*** Opening Data to use ***

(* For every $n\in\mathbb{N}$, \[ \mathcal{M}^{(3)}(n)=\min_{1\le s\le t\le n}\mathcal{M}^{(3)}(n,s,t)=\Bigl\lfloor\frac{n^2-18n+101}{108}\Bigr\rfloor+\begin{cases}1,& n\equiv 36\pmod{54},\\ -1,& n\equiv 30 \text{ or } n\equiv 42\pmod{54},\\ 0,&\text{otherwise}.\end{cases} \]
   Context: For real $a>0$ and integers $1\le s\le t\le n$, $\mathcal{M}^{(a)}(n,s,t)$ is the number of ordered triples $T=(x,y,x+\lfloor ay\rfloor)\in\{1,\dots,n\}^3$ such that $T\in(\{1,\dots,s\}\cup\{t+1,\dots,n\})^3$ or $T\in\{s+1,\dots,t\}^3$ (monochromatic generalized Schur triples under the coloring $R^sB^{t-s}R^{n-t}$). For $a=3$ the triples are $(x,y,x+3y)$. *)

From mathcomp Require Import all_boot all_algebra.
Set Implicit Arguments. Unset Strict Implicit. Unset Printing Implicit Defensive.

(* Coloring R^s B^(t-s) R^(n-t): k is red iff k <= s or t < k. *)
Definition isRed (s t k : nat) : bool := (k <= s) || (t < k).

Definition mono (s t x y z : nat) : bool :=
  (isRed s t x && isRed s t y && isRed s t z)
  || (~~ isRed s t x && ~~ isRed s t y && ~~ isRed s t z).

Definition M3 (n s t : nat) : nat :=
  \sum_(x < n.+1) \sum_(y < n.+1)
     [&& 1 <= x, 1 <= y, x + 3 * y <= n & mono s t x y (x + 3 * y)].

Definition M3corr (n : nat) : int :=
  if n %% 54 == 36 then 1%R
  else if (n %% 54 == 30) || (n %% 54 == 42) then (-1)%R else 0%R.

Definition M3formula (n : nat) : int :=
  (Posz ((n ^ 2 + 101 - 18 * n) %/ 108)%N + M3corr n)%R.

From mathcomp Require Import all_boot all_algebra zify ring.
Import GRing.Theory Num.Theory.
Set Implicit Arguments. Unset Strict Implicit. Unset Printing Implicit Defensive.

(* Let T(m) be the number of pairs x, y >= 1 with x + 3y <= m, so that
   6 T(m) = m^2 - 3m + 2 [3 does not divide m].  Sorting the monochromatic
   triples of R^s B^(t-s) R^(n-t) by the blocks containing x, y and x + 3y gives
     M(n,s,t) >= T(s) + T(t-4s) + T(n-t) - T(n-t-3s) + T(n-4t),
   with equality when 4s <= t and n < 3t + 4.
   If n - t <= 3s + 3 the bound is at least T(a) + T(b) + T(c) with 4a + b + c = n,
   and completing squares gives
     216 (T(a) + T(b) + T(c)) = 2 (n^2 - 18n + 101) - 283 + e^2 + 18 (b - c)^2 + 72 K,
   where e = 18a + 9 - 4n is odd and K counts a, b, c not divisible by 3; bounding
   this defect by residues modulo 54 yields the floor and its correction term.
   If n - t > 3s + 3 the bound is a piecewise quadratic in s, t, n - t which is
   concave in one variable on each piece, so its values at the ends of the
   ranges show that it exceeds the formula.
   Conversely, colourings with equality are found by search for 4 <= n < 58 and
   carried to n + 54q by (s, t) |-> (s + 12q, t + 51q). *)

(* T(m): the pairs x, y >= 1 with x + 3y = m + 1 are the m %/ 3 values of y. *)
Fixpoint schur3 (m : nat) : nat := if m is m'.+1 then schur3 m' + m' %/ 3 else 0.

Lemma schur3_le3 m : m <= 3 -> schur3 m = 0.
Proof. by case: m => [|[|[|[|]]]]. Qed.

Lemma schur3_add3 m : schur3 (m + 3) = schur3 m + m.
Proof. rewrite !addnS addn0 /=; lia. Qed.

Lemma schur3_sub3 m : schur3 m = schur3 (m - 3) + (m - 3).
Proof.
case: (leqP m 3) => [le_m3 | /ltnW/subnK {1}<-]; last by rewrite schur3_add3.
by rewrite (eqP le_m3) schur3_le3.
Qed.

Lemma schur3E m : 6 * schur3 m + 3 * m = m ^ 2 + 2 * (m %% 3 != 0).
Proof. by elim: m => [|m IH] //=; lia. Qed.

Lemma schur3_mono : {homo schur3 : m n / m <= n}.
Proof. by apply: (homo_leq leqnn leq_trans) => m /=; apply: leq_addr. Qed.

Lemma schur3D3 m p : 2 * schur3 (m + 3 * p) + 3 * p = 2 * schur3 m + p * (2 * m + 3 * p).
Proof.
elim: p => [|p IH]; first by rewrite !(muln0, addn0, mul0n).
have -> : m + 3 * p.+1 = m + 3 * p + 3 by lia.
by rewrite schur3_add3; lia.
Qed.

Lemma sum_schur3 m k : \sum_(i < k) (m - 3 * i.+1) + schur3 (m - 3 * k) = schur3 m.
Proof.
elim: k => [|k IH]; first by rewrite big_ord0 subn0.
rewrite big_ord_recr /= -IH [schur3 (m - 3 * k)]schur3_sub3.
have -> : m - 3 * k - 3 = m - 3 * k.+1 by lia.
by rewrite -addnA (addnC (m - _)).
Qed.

*** Closing Data to use ***

→ How to complete this task
From the entries above, extract only the lines running from the one containing "M(n,s,t) >= T(s)" through the one containing "rewrite big_ord_recr /= -IH", inclusive.

→ Exercise result
     M(n,s,t) >= T(s) + T(t-4s) + T(n-t) - T(n-t-3s) + T(n-4t),
   with equality when 4s <= t and n < 3t + 4.
   If n - t <= 3s + 3 the bound is at least T(a) + T(b) + T(c) with 4a + b + c = n,
   and completing squares gives
     216 (T(a) + T(b) + T(c)) = 2 (n^2 - 18n + 101) - 283 + e^2 + 18 (b - c)^2 + 72 K,
   where e = 18a + 9 - 4n is odd and K counts a, b, c not divisible by 3; bounding
   this defect by residues modulo 54 yields the floor and its correction term.
   If n - t > 3s + 3 the bound is a piecewise quadratic in s, t, n - t which is
   concave in one variable on each piece, so its values at the ends of the
   ranges show that it exceeds the formula.
   Conversely, colourings with equality are found by search for 4 <= n < 58 and
   carried to n + 54q by (s, t) |-> (s + 12q, t + 51q). *)

(* T(m): the pairs x, y >= 1 with x + 3y = m + 1 are the m %/ 3 values of y. *)
Fixpoint schur3 (m : nat) : nat := if m is m'.+1 then schur3 m' + m' %/ 3 else 0.

Lemma schur3_le3 m : m <= 3 -> schur3 m = 0.
Proof. by case: m => [|[|[|[|]]]]. Qed.

Lemma schur3_add3 m : schur3 (m + 3) = schur3 m + m.
Proof. rewrite !addnS addn0 /=; lia. Qed.

Lemma schur3_sub3 m : schur3 m = schur3 (m - 3) + (m - 3).
Proof.
case: (leqP m 3) => [le_m3 | /ltnW/subnK {1}<-]; last by rewrite schur3_add3.
by rewrite (eqP le_m3) schur3_le3.
Qed.

Lemma schur3E m : 6 * schur3 m + 3 * m = m ^ 2 + 2 * (m %% 3 != 0).
Proof. by elim: m => [|m IH] //=; lia. Qed.

Lemma schur3_mono : {homo schur3 : m n / m <= n}.
Proof. by apply: (homo_leq leqnn leq_trans) => m /=; apply: leq_addr. Qed.

Lemma schur3D3 m p : 2 * schur3 (m + 3 * p) + 3 * p = 2 * schur3 m + p * (2 * m + 3 * p).
Proof.
elim: p => [|p IH]; first by rewrite !(muln0, addn0, mul0n).
have -> : m + 3 * p.+1 = m + 3 * p + 3 by lia.
by rewrite schur3_add3; lia.
Qed.

Lemma sum_schur3 m k : \sum_(i < k) (m - 3 * i.+1) + schur3 (m - 3 * k) = schur3 m.
Proof.
elim: k => [|k IH]; first by rewrite big_ord0 subn0.
rewrite big_ord_recr /= -IH [schur3 (m - 3 * k)]schur3_sub3.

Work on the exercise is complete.